- **What this task involves**: Write out the data below in full, please. Keep every character as given.

- **Extracted data entries**:
+ + +

(* Let $B$ be an admissible Banach sequence space, $X$ a Banach space, $\|\cdot\|_m$ ($m\in\mathbb Z$) norms on $X$ each equivalent to the norm of $X$, and $(A_m)_{m\in\mathbb Z}$ a sequence of bounded linear operators on $X$. If the operator $T_B\colon\mathcal D(T_B)\to Y_B$ is bijective, then $(A_m)_{m\in\mathbb Z}$ admits an exponential dichotomy with respect to the sequence of norms $\|\cdot\|_m$.
   Context: Banach sequence spaces: let $\mathcal S$ be the set of real sequences $(s_n)_{n\in\mathbb Z}$. A linear subspace $B\subset\mathcal S$ with norm $\|\cdot\|_B$ is a normed sequence space if $\mathbf{s}'\in B$ and $|s_n|\le|s'_n|$ for all $n$ imply $\mathbf{s}\in B$ and $\|\mathbf{s}\|_B\le\|\mathbf{s}'\|_B$; it is a Banach sequence space if complete. It is admissible if (i) $\chi_{\{n\}}\in B$ and $\|\chi_{\{n\}}\|_B>0$ for all $n\in\mathbb Z$; (ii) for all $\mathbf{s}\in B$, $m\in\mathbb Z$ the shift $(s_{n+m})_n$ is in $B$ with norm at most $N\|\mathbf{s}\|_B$ for a fixed $N>0$. $Y_B$ is the space of sequences $\mathbf{x}=(x_n)_{n\in\mathbb Z}$ in $X$ with $(\|x_n\|_n)_n\in B$, normed by $\|\mathbf{x}\|_{Y_B}=\|(\|x_n\|_n)_n\|_B$. $T_B$ is defined by $(T_B\mathbf{x})_n=x_n-A_{n-1}x_{n-1}$ on the domain $\mathcal D(T_B)=\{\mathbf{x}\in Y_B: T_B\mathbf{x}\in Y_B\}$. Set $\mathcal A(n,m)=A_{n-1}\cdots A_m$ for $n>m$ and $\mathcal A(m,m)=\mathrm{Id}$. The sequence $(A_m)$ admits an exponential dichotomy with respect to the norms $\|\cdot\|_m$ if: (1) there are projections $P_m\colon X\to X$ with $A_mP_m=P_{m+1}A_m$ for all $m$, such that each $A_m|_{\ker P_m}\colon\ker P_m\to\ker P_{m+1}$ is invertible; (2) there are constants $D>0$ and $0<\lambda<1<\mu$ such that for all $x\in X$, $\|\mathcal A(n,m)P_mx\|_n\le D\lambda^{n-m}\|x\|_m$ for $n\ge m$, and $\|\mathcal A(n,m)Q_mx\|_n\le D\mu^{n-m}\|x\|_m$ for $n\le m$, where $Q_m=\mathrm{Id}-P_m$ and, for $n<m$, $\mathcal A(n,m)=(\mathcal A(m,n)|_{\ker P_n})^{-1}\colon\ker P_m\to\ker P_n$. *)

From Stdlib Require Import Reals ZArith.
Open Scope R_scope.

Definition is_norm {V : Type} (zero : V) (add : V -> V -> V) (scal : R -> V -> V)
  (f : V -> R) : Prop :=
  (forall x, 0 <= f x) /\
  (forall x, f x = 0 -> x = zero) /\
  (forall a x, f (scal a x) = Rabs a * f x) /\
  (forall x y, f (add x y) <= f x + f y).

Record NormedSpace := mkNormedSpace {
  car :> Type;
  zero : car;
  add : car -> car -> car;
  opp : car -> car;
  scal : R -> car -> car;
  norm : car -> R;
  add_assoc : forall x y z, add x (add y z) = add (add x y) z;
  add_comm : forall x y, add x y = add y x;
  add_0_l : forall x, add zero x = x;
  add_opp_r : forall x, add x (opp x) = zero;
  scal_assoc : forall a b x, scal a (scal b x) = scal (a * b) x;
  scal_1 : forall x, scal 1 x = x;
  scal_distr_l : forall a x y, scal a (add x y) = add (scal a x) (scal a y);
  scal_distr_r : forall a b x, scal (a + b) x = add (scal a x) (scal b x);
  norm_ax : is_norm zero add scal norm
}.

Arguments zero {_}.
Arguments add {_}.
Arguments opp {_}.
Arguments scal {_}.
Arguments norm {_}.

Definition sub {X : NormedSpace} (x y : X) : X := add x (opp y).

Definition complete (X : NormedSpace) : Prop :=
  forall u : nat -> X,
    (forall eps, 0 < eps -> exists N : nat, forall i j : nat,
        (N <= i)%nat -> (N <= j)%nat -> norm (sub (u i) (u j)) < eps) ->
    exists l : X, forall eps, 0 < eps -> exists N : nat, forall i : nat,
        (N <= i)%nat -> norm (sub (u i) l) < eps.

Definition is_norm_on (X : NormedSpace) (f : X -> R) : Prop :=
  is_norm (@zero X) add scal f.

Definition equiv_norm (X : NormedSpace) (f : X -> R) : Prop :=
  exists c C : R, 0 < c /\ 0 < C /\
    forall x : X, c * norm x <= f x /\ f x <= C * norm x.

Definition is_linear (X : NormedSpace) (L : X -> X) : Prop :=
  (forall x y, L (add x y) = add (L x) (L y)) /\
  (forall a x, L (scal a x) = scal a (L x)).

Definition bounded_linear (X : NormedSpace) (L : X -> X) : Prop :=
  is_linear X L /\ exists C : R, forall x, norm (L x) <= C * norm x.

Definition seqR := Z -> R.

Definition is_banach_seq_space (B : seqR -> Prop) (nB : seqR -> R) : Prop :=
  B (fun _ => 0) /\
  (forall s t, B s -> B t -> B (fun n => s n + t n)) /\
  (forall a s, B s -> B (fun n => a * s n)) /\
  (forall s, B s -> 0 <= nB s) /\
  (forall s, B s -> nB s = 0 -> forall n, s n = 0) /\
  (forall a s, B s -> nB (fun n => a * s n) = Rabs a * nB s) /\
  (forall s t, B s -> B t -> nB (fun n => s n + t n) <= nB s + nB t) /\
  (forall s s', B s' -> (forall n, Rabs (s n) <= Rabs (s' n)) -> B s /\ nB s <= nB s') /\
  (forall u : nat -> seqR, (forall k, B (u k)) ->
    (forall eps, 0 < eps -> exists N : nat, forall i j : nat,
        (N <= i)%nat -> (N <= j)%nat -> nB (fun n => u i n - u j n) < eps) ->
    exists l : seqR, B l /\ forall eps, 0 < eps -> exists N : nat, forall i : nat,
        (N <= i)%nat -> nB (fun n => u i n - l n) < eps).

+ + +

- **Task solution**:
(* Let $B$ be an admissible Banach sequence space, $X$ a Banach space, $\|\cdot\|_m$ ($m\in\mathbb Z$) norms on $X$ each equivalent to the norm of $X$, and $(A_m)_{m\in\mathbb Z}$ a sequence of bounded linear operators on $X$. If the operator $T_B\colon\mathcal D(T_B)\to Y_B$ is bijective, then $(A_m)_{m\in\mathbb Z}$ admits an exponential dichotomy with respect to the sequence of norms $\|\cdot\|_m$.
   Context: Banach sequence spaces: let $\mathcal S$ be the set of real sequences $(s_n)_{n\in\mathbb Z}$. A linear subspace $B\subset\mathcal S$ with norm $\|\cdot\|_B$ is a normed sequence space if $\mathbf{s}'\in B$ and $|s_n|\le|s'_n|$ for all $n$ imply $\mathbf{s}\in B$ and $\|\mathbf{s}\|_B\le\|\mathbf{s}'\|_B$; it is a Banach sequence space if complete. It is admissible if (i) $\chi_{\{n\}}\in B$ and $\|\chi_{\{n\}}\|_B>0$ for all $n\in\mathbb Z$; (ii) for all $\mathbf{s}\in B$, $m\in\mathbb Z$ the shift $(s_{n+m})_n$ is in $B$ with norm at most $N\|\mathbf{s}\|_B$ for a fixed $N>0$. $Y_B$ is the space of sequences $\mathbf{x}=(x_n)_{n\in\mathbb Z}$ in $X$ with $(\|x_n\|_n)_n\in B$, normed by $\|\mathbf{x}\|_{Y_B}=\|(\|x_n\|_n)_n\|_B$. $T_B$ is defined by $(T_B\mathbf{x})_n=x_n-A_{n-1}x_{n-1}$ on the domain $\mathcal D(T_B)=\{\mathbf{x}\in Y_B: T_B\mathbf{x}\in Y_B\}$. Set $\mathcal A(n,m)=A_{n-1}\cdots A_m$ for $n>m$ and $\mathcal A(m,m)=\mathrm{Id}$. The sequence $(A_m)$ admits an exponential dichotomy with respect to the norms $\|\cdot\|_m$ if: (1) there are projections $P_m\colon X\to X$ with $A_mP_m=P_{m+1}A_m$ for all $m$, such that each $A_m|_{\ker P_m}\colon\ker P_m\to\ker P_{m+1}$ is invertible; (2) there are constants $D>0$ and $0<\lambda<1<\mu$ such that for all $x\in X$, $\|\mathcal A(n,m)P_mx\|_n\le D\lambda^{n-m}\|x\|_m$ for $n\ge m$, and $\|\mathcal A(n,m)Q_mx\|_n\le D\mu^{n-m}\|x\|_m$ for $n\le m$, where $Q_m=\mathrm{Id}-P_m$ and, for $n<m$, $\mathcal A(n,m)=(\mathcal A(m,n)|_{\ker P_n})^{-1}\colon\ker P_m\to\ker P_n$. *)

From Stdlib Require Import Reals ZArith.
Open Scope R_scope.

Definition is_norm {V : Type} (zero : V) (add : V -> V -> V) (scal : R -> V -> V)
  (f : V -> R) : Prop :=
  (forall x, 0 <= f x) /\
  (forall x, f x = 0 -> x = zero) /\
  (forall a x, f (scal a x) = Rabs a * f x) /\
  (forall x y, f (add x y) <= f x + f y).

Record NormedSpace := mkNormedSpace {
  car :> Type;
  zero : car;
  add : car -> car -> car;
  opp : car -> car;
  scal : R -> car -> car;
  norm : car -> R;
  add_assoc : forall x y z, add x (add y z) = add (add x y) z;
  add_comm : forall x y, add x y = add y x;
  add_0_l : forall x, add zero x = x;
  add_opp_r : forall x, add x (opp x) = zero;
  scal_assoc : forall a b x, scal a (scal b x) = scal (a * b) x;
  scal_1 : forall x, scal 1 x = x;
  scal_distr_l : forall a x y, scal a (add x y) = add (scal a x) (scal a y);
  scal_distr_r : forall a b x, scal (a + b) x = add (scal a x) (scal b x);
  norm_ax : is_norm zero add scal norm
}.

Arguments zero {_}.
Arguments add {_}.
Arguments opp {_}.
Arguments scal {_}.
Arguments norm {_}.

Definition sub {X : NormedSpace} (x y : X) : X := add x (opp y).

Definition complete (X : NormedSpace) : Prop :=
  forall u : nat -> X,
    (forall eps, 0 < eps -> exists N : nat, forall i j : nat,
        (N <= i)%nat -> (N <= j)%nat -> norm (sub (u i) (u j)) < eps) ->
    exists l : X, forall eps, 0 < eps -> exists N : nat, forall i : nat,
        (N <= i)%nat -> norm (sub (u i) l) < eps.

Definition is_norm_on (X : NormedSpace) (f : X -> R) : Prop :=
  is_norm (@zero X) add scal f.

Definition equiv_norm (X : NormedSpace) (f : X -> R) : Prop :=
  exists c C : R, 0 < c /\ 0 < C /\
    forall x : X, c * norm x <= f x /\ f x <= C * norm x.

Definition is_linear (X : NormedSpace) (L : X -> X) : Prop :=
  (forall x y, L (add x y) = add (L x) (L y)) /\
  (forall a x, L (scal a x) = scal a (L x)).

Definition bounded_linear (X : NormedSpace) (L : X -> X) : Prop :=
  is_linear X L /\ exists C : R, forall x, norm (L x) <= C * norm x.

Definition seqR := Z -> R.

Definition is_banach_seq_space (B : seqR -> Prop) (nB : seqR -> R) : Prop :=
  B (fun _ => 0) /\
  (forall s t, B s -> B t -> B (fun n => s n + t n)) /\
  (forall a s, B s -> B (fun n => a * s n)) /\
  (forall s, B s -> 0 <= nB s) /\
  (forall s, B s -> nB s = 0 -> forall n, s n = 0) /\
  (forall a s, B s -> nB (fun n => a * s n) = Rabs a * nB s) /\
  (forall s t, B s -> B t -> nB (fun n => s n + t n) <= nB s + nB t) /\
  (forall s s', B s' -> (forall n, Rabs (s n) <= Rabs (s' n)) -> B s /\ nB s <= nB s') /\
  (forall u : nat -> seqR, (forall k, B (u k)) ->
    (forall eps, 0 < eps -> exists N : nat, forall i j : nat,
        (N <= i)%nat -> (N <= j)%nat -> nB (fun n => u i n - u j n) < eps) ->
    exists l : seqR, B l /\ forall eps, 0 < eps -> exists N : nat, forall i : nat,
        (N <= i)%nat -> nB (fun n => u i n - l n) < eps).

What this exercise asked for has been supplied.